The changes are now subject to adjudication by the WTO.
“These costs are set to rise under the new amendment to an estimated $90 to $100 per head, compared with the $25 to $40 per head hit that we currently take today,” said Canadian Cattlemen’s Association vice-president Dave Solverson.
“This is simply unacceptable.”
Jurgen Preugschas, past chair of the Canadian Pork Council, said the May changes to COOL have already resulted in a 15 percent reduction in live hog exports to the U.S.
“(It) is going to put even more farmers out of business,” said Preugschas.
Ritz said Mexico is preparing its own list of U.S. products that will be subject to tariffs. Both lists will be submitted to the WTO before they can be implemented, a process Ritz said can take 18 to 24 months. The WTO has the authority to alter the list.
However, Ritz said release of the list now is designed to get the attention of U.S. Senate and House of Representatives agriculture committees.
“This situation could have been avoided if the U.S. had complied with the WTO decision, and still can be. Today we renew our call on the U.S. to abide by the letter and spirit of the WTO ruling,” Ritz said.
“The whole point of this is to put enough political pressure on the administration of the United States to take this seriously and actually make the changes long before that WTO process.”
Canada is the number one importer of U.S. products. Asked if the COOL fight was one of David versus Goliath, Ritz had a ready answer.
“If you read your Bible, you’ll find out that David won that fight, so we take solace in that. We know we’re on the side of the angels on this one.”
He reiterated that COOL is an unnecessary trade barrier that harms livestock producers on both sides of the border.

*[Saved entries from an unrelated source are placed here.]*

(* Let $x_1,\dots,x_n\in\mathbb{R}^d\setminus\{0\}$, and fix $\beta>0$ and $b>0$. The function $g:\mathbb{P}_d\to\mathbb{R}_{++}$ defined by $g(\Sigma)=\sum_{i=1}^n\left(\frac{x_i^\top\Sigma^{-1}x_i}{b}\right)^{\beta}$ is Euclidean convex and geodesically convex on $\mathbb{P}_d$.
   Context: $\mathbb{P}_d$ denotes the set of real symmetric $d\times d$ positive definite matrices, equipped with the affine-invariant Riemannian metric $\langle U,V\rangle_X=\operatorname{tr}(X^{-1}UX^{-1}V)$, whose geodesic from $A$ to $B$ is $\gamma(t)=A^{1/2}(A^{-1/2}BA^{-1/2})^tA^{1/2}$, $t\in[0,1]$. Geodesically convex means $t\mapsto g(\gamma(t))$ is convex on $[0,1]$ for every such geodesic; Euclidean convex means convex in the usual sense on the convex set $\mathbb{P}_d$. *)

From HB Require Import structures.
From mathcomp Require Import all_boot all_order all_algebra.
From mathcomp Require Import all_classical all_reals all_analysis.
Set Implicit Arguments. Unset Strict Implicit. Unset Printing Implicit Defensive.
Import Order.TTheory GRing.Theory Num.Theory.
Local Open Scope ring_scope.

Definition posdef (R : realType) (d : nat) (A : 'M[R]_d) : Prop :=
  A^T = A /\ forall v : 'cV[R]_d, v != 0 -> 0 < (v^T *m A *m v) ord0 ord0.

Definition convex_on01 (R : realType) (f : R -> R) : Prop :=
  forall s u t : R, 0 <= s <= 1 -> 0 <= u <= 1 -> 0 <= t <= 1 ->
    f ((1 - t) * s + t * u) <= (1 - t) * f s + t * f u.

Definition euclid_convex (R : realType) (d : nat) (f : 'M[R]_d -> R) : Prop :=
  forall A B : 'M[R]_d, posdef A -> posdef B -> forall t : R, 0 <= t <= 1 ->
    f ((1 - t) *: A + t *: B) <= (1 - t) * f A + t * f B.

(* Real power P^t of a positive definite P given a spectral decomposition
   P = U diag(lam) U^T (U orthogonal, lam > 0): P^t = U diag(lam^t) U^T. *)
Definition spec_rpow (R : realType) (d : nat) (U : 'M[R]_d) (lam : 'rV[R]_d) (t : R)
  : 'M[R]_d := U *m diag_mx (\row_i (lam ord0 i `^ t)) *m U^T.

(* Geodesic convexity w.r.t. the affine-invariant metric: along every geodesic
   gamma(t) = A^{1/2} (A^{-1/2} B A^{-1/2})^t A^{1/2}, t in [0,1].
   Here S is the (positive definite) square root A^{1/2}, so A^{-1/2} = S^{-1},
   and the real matrix power is computed from a spectral decomposition. *)
Definition geod_convex (R : realType) (d : nat) (f : 'M[R]_d -> R) : Prop :=
  forall (A B S U : 'M[R]_d) (lam : 'rV[R]_d),
    posdef A -> posdef B -> posdef S -> S *m S = A ->
    U^T *m U = 1%:M -> (forall i, 0 < lam ord0 i) ->
    invmx S *m B *m invmx S = U *m diag_mx lam *m U^T ->
    convex_on01 (fun t => f (S *m spec_rpow U lam t *m S)).

Definition gfun (R : realType) (d n : nat) (x : 'I_n -> 'cV[R]_d) (beta b : R)
  (Sigma : 'M[R]_d) : R :=
  \sum_(i < n) (((x i)^T *m invmx Sigma *m x i) ord0 ord0 / b) `^ beta.

From HB Require Import structures.
From mathcomp Require Import all_boot all_order all_algebra.
From mathcomp Require Import all_classical all_reals all_analysis.
From mathcomp Require Import ring lra.
Set Implicit Arguments. Unset Strict Implicit. Unset Printing Implicit Defensive.
Import Order.TTheory GRing.Theory Num.Theory.
Local Open Scope ring_scope.

(* Both convexities reduce to log-convexity of h(Sigma) = x^T Sigma^-1 x along
   the relevant curve, because (h / b)^beta = exp (beta (ln h - ln b)) and exp
   is convex and increasing.  Along segments, 1 / h is concave: by
   Cauchy-Schwarz it is the minimum of the linear maps Sigma |-> v^T Sigma v
   over v^T x = 1; and a positive function with concave reciprocal is
   log-convex (harmonic mean <= geometric mean).  Along a geodesic
   Sigma(t) = S U diag(lam)^t U^T S one computes h(Sigma(t)) =
   sum_j c_j lam_j^-t with c_j >= 0, a sum of exponentials in t, which is
   log-convex by Hoelder's inequality. *)

Section LogConvexity.
Variable R : realType.

Lemma expR_convex_comb (a b t : R) : 0 <= t <= 1 ->
  expR ((1 - t) * a + t * b) <= (1 - t) * expR a + t * expR b.
Proof.
case/andP=> t0 t1; have := convex_expR (Itv01 t0 t1) (b : R^o) (a : R^o).
by rewrite !convRE /= /unstable.onem addrC [t * expR b + _]addrC.
Qed.

Lemma ln_convex_comb_of_harmonic (h a b t : R) :
  0 < h -> 0 < a -> 0 < b -> 0 <= t <= 1 ->
  (1 - t) / a + t / b <= h^-1 -> ln h <= (1 - t) * ln a + t * ln b.
Proof.
move=> h0 a0 b0 t01 harm.
have := expR_convex_comb (- ln a) (- ln b) t01.
rewrite !expRN !lnK ?posrE // => /le_trans/(_ harm) expR_le.
rewrite -ler_expR lnK ?posrE // -lef_pV2 ?posrE ?expR_gt0 // -expRN.
by rewrite (_ : - _ = (1 - t) * - ln a + t * - ln b) //; ring.
Qed.

Lemma powR_convex_comb_of_ln (p P Q beta t : R) :
  0 < p -> 0 < P -> 0 < Q -> 0 <= beta -> 0 <= t <= 1 ->
  ln p <= (1 - t) * ln P + t * ln Q ->
  p `^ beta <= (1 - t) * P `^ beta + t * Q `^ beta.
Proof.
move=> p0 P0 Q0 beta0 t01 lnp; rewrite /powR !gt_eqF //.
apply: le_trans (expR_convex_comb (beta * ln P) (beta * ln Q) t01).
by rewrite ler_expR; nra.
Qed.

Lemma sum_powR_div_convex_comb {I : finType} (p P Q : I -> R) (b beta t : R) :
  (forall i, 0 < p i) -> (forall i, 0 < P i) -> (forall i, 0 < Q i) ->
  0 < b -> 0 <= beta -> 0 <= t <= 1 ->
  (forall i, ln (p i) <= (1 - t) * ln (P i) + t * ln (Q i)) ->
  \sum_i (p i / b) `^ beta <=
    (1 - t) * \sum_i (P i / b) `^ beta + t * \sum_i (Q i / b) `^ beta.
Proof.
move=> p0 P0 Q0 b0 beta0 t01 lnp; rewrite !mulr_sumr -big_split /=.
apply: ler_sum => i _; apply: powR_convex_comb_of_ln; rewrite ?divr_gt0 //.
by rewrite !ln_div ?posrE //; have := lnp i; lra.
Qed.

Definition expsum {I : finType} (c a : I -> R) (r : R) : R :=
  \sum_j c j * expR (r * a j).

Lemma expsum_gt0 {I : finType} (c a : I -> R) (r : R) :
  (forall j, 0 <= c j) -> (exists j, 0 < c j) -> 0 < expsum c a r.
Proof.
move=> c0 [j0 cj0]; rewrite /expsum (bigD1 j0) //=.
rewrite ltr_pwDl ?mulr_gt0 ?expR_gt0 //.
by apply: sumr_ge0 => j _; rewrite mulr_ge0 ?expR_ge0.
Qed.

(* Hoelder's inequality, proved termwise by the weighted AM-GM inequality
   after normalising by K = P^(1-t) Q^t. *)
Lemma ln_expsum_convex_comb {I : finType} (c a : I -> R) (s u t : R) :
  (forall j, 0 <= c j) -> (exists j, 0 < c j) -> 0 <= t <= 1 ->
  ln (expsum c a ((1 - t) * s + t * u)) <=
    (1 - t) * ln (expsum c a s) + t * ln (expsum c a u).
Proof.
move=> c0 cpos t01; set P := expsum c a s; set Q := expsum c a u.
have P0 : 0 < P by exact: expsum_gt0.
have Q0 : 0 < Q by exact: expsum_gt0.
have sum0 : 0 < expsum c a ((1 - t) * s + t * u) by exact: expsum_gt0.
set K := expR ((1 - t) * ln P + t * ln Q).
rewrite -ler_expR lnK ?posrE // -/K.
have termwise j : expR (((1 - t) * s + t * u) * a j) <=
    K * ((1 - t) * (expR (s * a j) / P) + t * (expR (u * a j) / Q)).
  have -> : expR (((1 - t) * s + t * u) * a j) =
      K * expR ((1 - t) * (s * a j - ln P) + t * (u * a j - ln Q)).
    by rewrite /K -expRD; congr expR; ring.
  rewrite ler_pM2l ?expR_gt0 //; apply: le_trans; first exact: expR_convex_comb.
  by rewrite !expRD !expRN !lnK ?posrE.
rewrite /expsum.
apply: le_trans (ler_sum _ (fun j _ => ler_wpM2l (c0 j) (termwise j))) _.
rewrite (eq_bigr (fun j => K * (1 - t) / P * (c j * expR (s * a j)) +
                           K * t / Q * (c j * expR (u * a j)))) /=; last first.
  by move=> j _; ring.
rewrite big_split -!mulr_sumr.
change (K * (1 - t) / P * P + K * t / Q * Q <= K).
by rewrite !divfK ?gt_eqF //; lra.
Qed.

End LogConvexity.

Section QuadraticForms.
Variables (R : realType) (d : nat).
Implicit Types (A B M : 'M[R]_d) (u v w x : 'cV[R]_d).

Definition bform M u w : R := (u^T *m M *m w) 0 0.

(* The squared Mahalanobis norm; gfun x beta b Sigma is convertible to
   \sum_i (mahal Sigma (x i) / b) `^ beta. *)
Definition mahal A x : R := bform (invmx A) x x.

Continued implementation will also jeopardize thousands of American jobs in feedlots and slaughter plants as fewer Canadian cattle and hogs are exported.
Those are among the reasons why the U.S. based National Cattlemen’s Beef Association, the American Meat Council and other U.S. industry groups also oppose COOL.
Release of the list received a positive response from Canadian livestock groups and the Canadian Meat Council.
Manitoba MLA Ralph Eichler, the Progressive Conservative agriculture critic, put forward a resolution at the State Agriculture and Rural Leaders (SARL) meeting in Vancouver earlier this week. It said in part, that “SARL encourages the United States Congress to implement a legislative resolution that will build markets for U.S. producers at home and overseas rather than implement additional regulations.” The resolution was to be submitted to the U.S. house and senate ag committees and to agriculture secretary Tom Vilsack.
SARL comprises members from federal, provincial and state governments and livestock organizations and agri-business industries from both countries.